Литмир - Электронная Библиотека
A
A

– История, – рубил он сплеча, – это не что иное, как собрание басен и бесполезных мелочей, пересыпанных массой ненужных цифр и собственных имен. Смерть Игоря, змея, ужалившая Олега, что же это, как не сказки, и кому нужно знать, что второй брак Иоанна на дочери Темрюка совершился 21-го августа 1562 года, а четвертый, на Анне Алексеевне Колтовской, – в 1572 году, – а ведь от меня требуют, чтобы я задолбил все это, а не знаю, так ставят единицу. А как пишется история: все пригоняется к известной мерке, измышленной историком. Грозный царь, о котором в настоящее время читает профессор Иванов, вдруг с 1560 года из добродетельного и мудрого превращается в бессмысленного, свирепого тирана. Как и почему, об этом уже не спрашивайте… – приблизительно в таком роде рассуждал мой собеседник[41].

Меня сильно озадачила такая резкость суждений, тем более что я считал историю своим любимым предметом.

Незаметно наступил вечер, графский лакей принес свечи, в углах аудитории царил мрак, а во всем громадном здании университета какая-то подавляющая тишина.

Прижавшись в угол и завернувшись в шинель, я пожелал своему собеседнику покойной ночи, но он решительно воспротивился моему намерению, удивляясь, каким образом можно спать на голых досках.

Делать было нечего, и мы снова принялись спорить, а вся неотразимая для меня сила сомнений Толстого обрушилась на университет и университетскую науку вообще. «Храм наук» уже не сходил с его языка. Оставаясь неизменно серьезным, он в таком смешном виде рисовал портреты наших профессоров, что при всем желании оставаться равнодушным, я хохотал как помешанный.

– А между тем, – заключил Толстой, – мы с вами вправе ожидать, что выйдем из этого храма полезными, знающими людьми. А что вынесем мы из университета? Подумайте и отвечайте по совести. Что вынесем мы из этого святилища, возвратившись восвояси в деревню, на что будем пригодны, кому нужны? – настойчиво допрашивал Толстой.

Измученный бессонницей, я только слушал и упорно молчал.

Едва забрезжилось утро, как дверь отворилась – вошел вахмистр и, раскланявшись, объявил, что мы свободны и можем расходиться по домам.

Толстой нахлобучил фуражку на глаза, завернулся в шинель с бобрами, слегка кивнул мне головой, еще раз ругнул храм и скрылся в сопровождении своего слуги и вахмистра. Я тоже поспешил выбраться и вздохнул во всю грудь, отделавшись от своего собеседника и очутившись на морозе, среди безлюдной, только-только просыпавшейся улицы. Отяжелевшая, точно после угара, голова была переполнена никогда еще не забиравшимися в нее сомнениями и вопросами, навеянными странным, решительно непонятным для меня товарищем по заключению.

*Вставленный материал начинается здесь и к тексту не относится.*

(* An explicit antiderivative of [radial_rate / angular_rate]: the logarithm absorbs the
   oscillating part of the numerator, leaving [13 / den]. *)
Definition K (s : R) : R := (ln 50 - ln (den s)) / 4 + 13 * RInt (fun r => / den r) 0 s.

Lemma K_derive s : is_derive K s (radial_rate s / angular_rate s).
Proof.
  pose proof (den_bounds s).
  rewrite radial_rate_eq, angular_rate_eq. unfold K. auto_derive.
  - repeat split; [eexists; apply den_derive | lra | |].
    + apply ex_RInt_continuous_R, continuous_inv_den.
    + apply filter_forall; intros x. apply continuity_pt_filterlim, continuous_inv_den.
  - replace (Derive (fun x : R => den x) s) with (4 * sin (4 * s) + 60 * cos (4 * s))
      by (symmetry; apply is_derive_unique, den_derive).
    unfold den in *. field. lra.
Qed.

Lemma RInt_inv_den_nonneg s : 0 <= s -> s / 67 <= RInt (fun r => / den r) 0 s <= s / 35.
Proof.
  intros Hs. pose proof (ex_RInt_continuous_R (fun r => / den r) 0 s continuous_inv_den) as Hex.
  assert (Hb : forall r, / 67 <= / den r <= / 35)
    by (intros r; pose proof (den_bounds r); split; apply Rinv_le_contravar; lra).
  pose proof (RInt_ge_const _ 0 s (/ 67) Hs Hex (fun r _ => proj1 (Hb r))).
  pose proof (RInt_le_const _ 0 s (/ 35) Hs Hex (fun r _ => proj2 (Hb r))).
  lra.
Qed.

Lemma RInt_inv_den_nonpos s : s <= 0 -> s / 35 <= RInt (fun r => / den r) 0 s <= s / 67.
Proof.
  intros Hs. pose proof (ex_RInt_continuous_R (fun r => / den r) s 0 continuous_inv_den) as Hex.
  rewrite <- (@opp_RInt_swap R_CompleteNormedModule) by exact Hex. unfold opp; simpl.
  assert (Hb : forall r, / 67 <= / den r <= / 35)
    by (intros r; pose proof (den_bounds r); split; apply Rinv_le_contravar; lra).
  pose proof (RInt_ge_const _ s 0 (/ 67) Hs Hex (fun r _ => proj1 (Hb r))).
  pose proof (RInt_le_const _ s 0 (/ 35) Hs Hex (fun r _ => proj2 (Hb r))).
  lra.
Qed.

Lemma ln_den_bounds s : - 1 / 10 <= (ln 50 - ln (den s)) / 4 <= 1 / 8.
Proof.
  pose proof (den_bounds s).
  pose proof (ln_le_sub_one (den s / 50) ltac:(lra)) as Hup.
  pose proof (ln_le_sub_one (50 / den s) ltac:(apply Rdiv_lt_0_compat; lra)) as Hlow.
  rewrite ln_div in Hup, Hlow by lra.
  assert (50 / den s <= 50 / 35) by (apply Rmult_le_compat_l; [lra | apply Rinv_le_contravar; lra]).
  lra.
Qed.

Lemma K_nonpos s : s <= -1 -> K s <= 0.
Proof.
  intros Hs. unfold K. pose proof (ln_den_bounds s). pose proof (RInt_inv_den_nonpos s). lra.
Qed.

Lemma K_lower s : -1 <= s -> -2 / 3 + s / 6 <= K s.
Proof.
  intros Hs. unfold K. pose proof (ln_den_bounds s).
  destruct (Rle_dec 0 s).
  - pose proof (RInt_inv_den_nonneg s r). lra.
  - pose proof (RInt_inv_den_nonpos s ltac:(lra)). lra.
Qed.

Lemma K_upper s X : 0 <= X -> s <= X -> K s <= 1 / 8 + 13 * X / 35.
Proof.
  intros HX Hs. unfold K. pose proof (ln_den_bounds s).
  destruct (Rle_dec 0 s).
  - pose proof (RInt_inv_den_nonneg s r). lra.
  - pose proof (RInt_inv_den_nonpos s ltac:(lra)). lra.
Qed.

Definition spiral (s : R) : R * R := (exp (K s) * cos s, exp (K s) * - sin s).

Lemma vnorm_spiral s : vnorm (spiral s) = exp (K s).
Proof.
  unfold vnorm, spiral; cbn [fst snd].
  replace ((exp (K s) * cos s) ^ 2 + (exp (K s) * - sin s) ^ 2)
    with (exp (K s) ^ 2 * (sin s ^ 2 + cos s ^ 2)) by ring.
  rewrite <- !Rsqr_pow2, sin2_cos2, Rmult_1_r, Rsqr_pow2.
  apply sqrt_pow2, Rlt_le, exp_pos.
Qed.

(* [/ h s] is the angular speed [40 (1 + |spiral s|^2) angular_rate s]. *)
Definition h (s : R) : R := / ((1 + exp (2 * K s)) * den s).

Lemma spiral_orbit s :
  is_derive (fun r => fst (spiral r)) s (h s * fst (field 40 (q s) (spiral s))) /\
  is_derive (fun r => snd (spiral r)) s (h s * snd (field 40 (q s) (spiral s))).
Proof.
  assert (Hmix : mix (q s) (spiral s) = (exp (K s) * fst (mix (q s) (cos s, - sin s)),
                                         exp (K s) * snd (mix (q s) (cos s, - sin s))))
    by (unfold mix, spiral, A0, A1; cbn [fst snd]; f_equal; ring).
  unfold field, h. rewrite vnorm_spiral, Hmix. cbn [fst snd].
  destruct (mix_q_frame s) as [-> ->].
  pose proof (angular_rate_eq s) as Hang. pose proof (den_bounds s).
  replace (exp (2 * K s)) with (exp (K s) ^ 2)
    by (simpl; rewrite Rmult_1_r, <- exp_plus; f_equal; ring).
  split; unfold spiral; cbn [fst snd]; auto_derive; try (eexists; apply K_derive);
    replace (Derive (fun x : R => K x) s) with (radial_rate s / angular_rate s)
      by (symmetry; apply is_derive_unique, K_derive);
    rewrite Hang; field; pose proof (pow2_ge_0 (exp (K s))); split; lra.
Qed.

(** * Traversing the spiral in unit time *)

Lemma h_pos s : 0 < h s.
Proof.
  unfold h. pose proof (den_bounds s). pose proof (exp_pos (2 * K s)).
  apply Rinv_0_lt_compat, Rmult_lt_0_compat; lra.
Qed.

Lemma continuous_h s : continuous h s.
Proof.
  apply (@ex_derive_continuous R_AbsRing R_NormedModule).
  pose proof (h_pos s). unfold h in *. auto_derive.
  repeat split; [eexists; apply K_derive | eexists; apply den_derive |].
  intros E; rewrite E, Rinv_0 in *; lra.
Qed.

Lemma h_lower s k : K s <= k -> / (67 * (1 + exp (2 * k))) <= h s.
Proof.
  intros Hs. unfold h. pose proof (den_bounds s). pose proof (exp_pos (2 * K s)).
  assert (exp (2 * K s) <= exp (2 * k)) by (apply exp_le_compat; lra).
  apply Rinv_le_contravar; [apply Rmult_lt_0_compat; lra|].
  rewrite Rmult_comm. apply Rmult_le_compat; lra.
Qed.

Lemma h_upper s : -1 <= s -> h s <= exp (4 / 3 - s / 3) / 35.
Proof.
  intros Hs. pose proof (K_lower s Hs). pose proof (den_bounds s).
  pose proof (exp_pos (2 * K s)).
  apply Rle_trans with (/ (exp (2 * K s) * 35)).
  - unfold h. apply Rinv_le_contravar; [apply Rmult_lt_0_compat; lra|].
    apply Rmult_le_compat; lra.
  - rewrite Rinv_mult, <- exp_Ropp. unfold Rdiv.
    apply Rmult_le_compat_r; [lra|]. apply exp_le_compat. lra.
Qed.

Так как мы с Толстым были студентами юридического факультета – он первого, а я второго курса, то на другой же день мы, волей или неволей, снова столкнулись в коридоре. Меня так и подмывало возобновить вчерашний разговор, но стоило только взглянуть на неприступную, точно каменную фигуру графа, чтобы оставить такое намерение и как можно скорее пройти мимо.

В последний раз встретились мы на переводных экзаменах, обыкновенно происходивших в университетской актовой зале. Юристы первых двух курсов, обезумев от страха, ожидали экзамена кровожадного профессора истории.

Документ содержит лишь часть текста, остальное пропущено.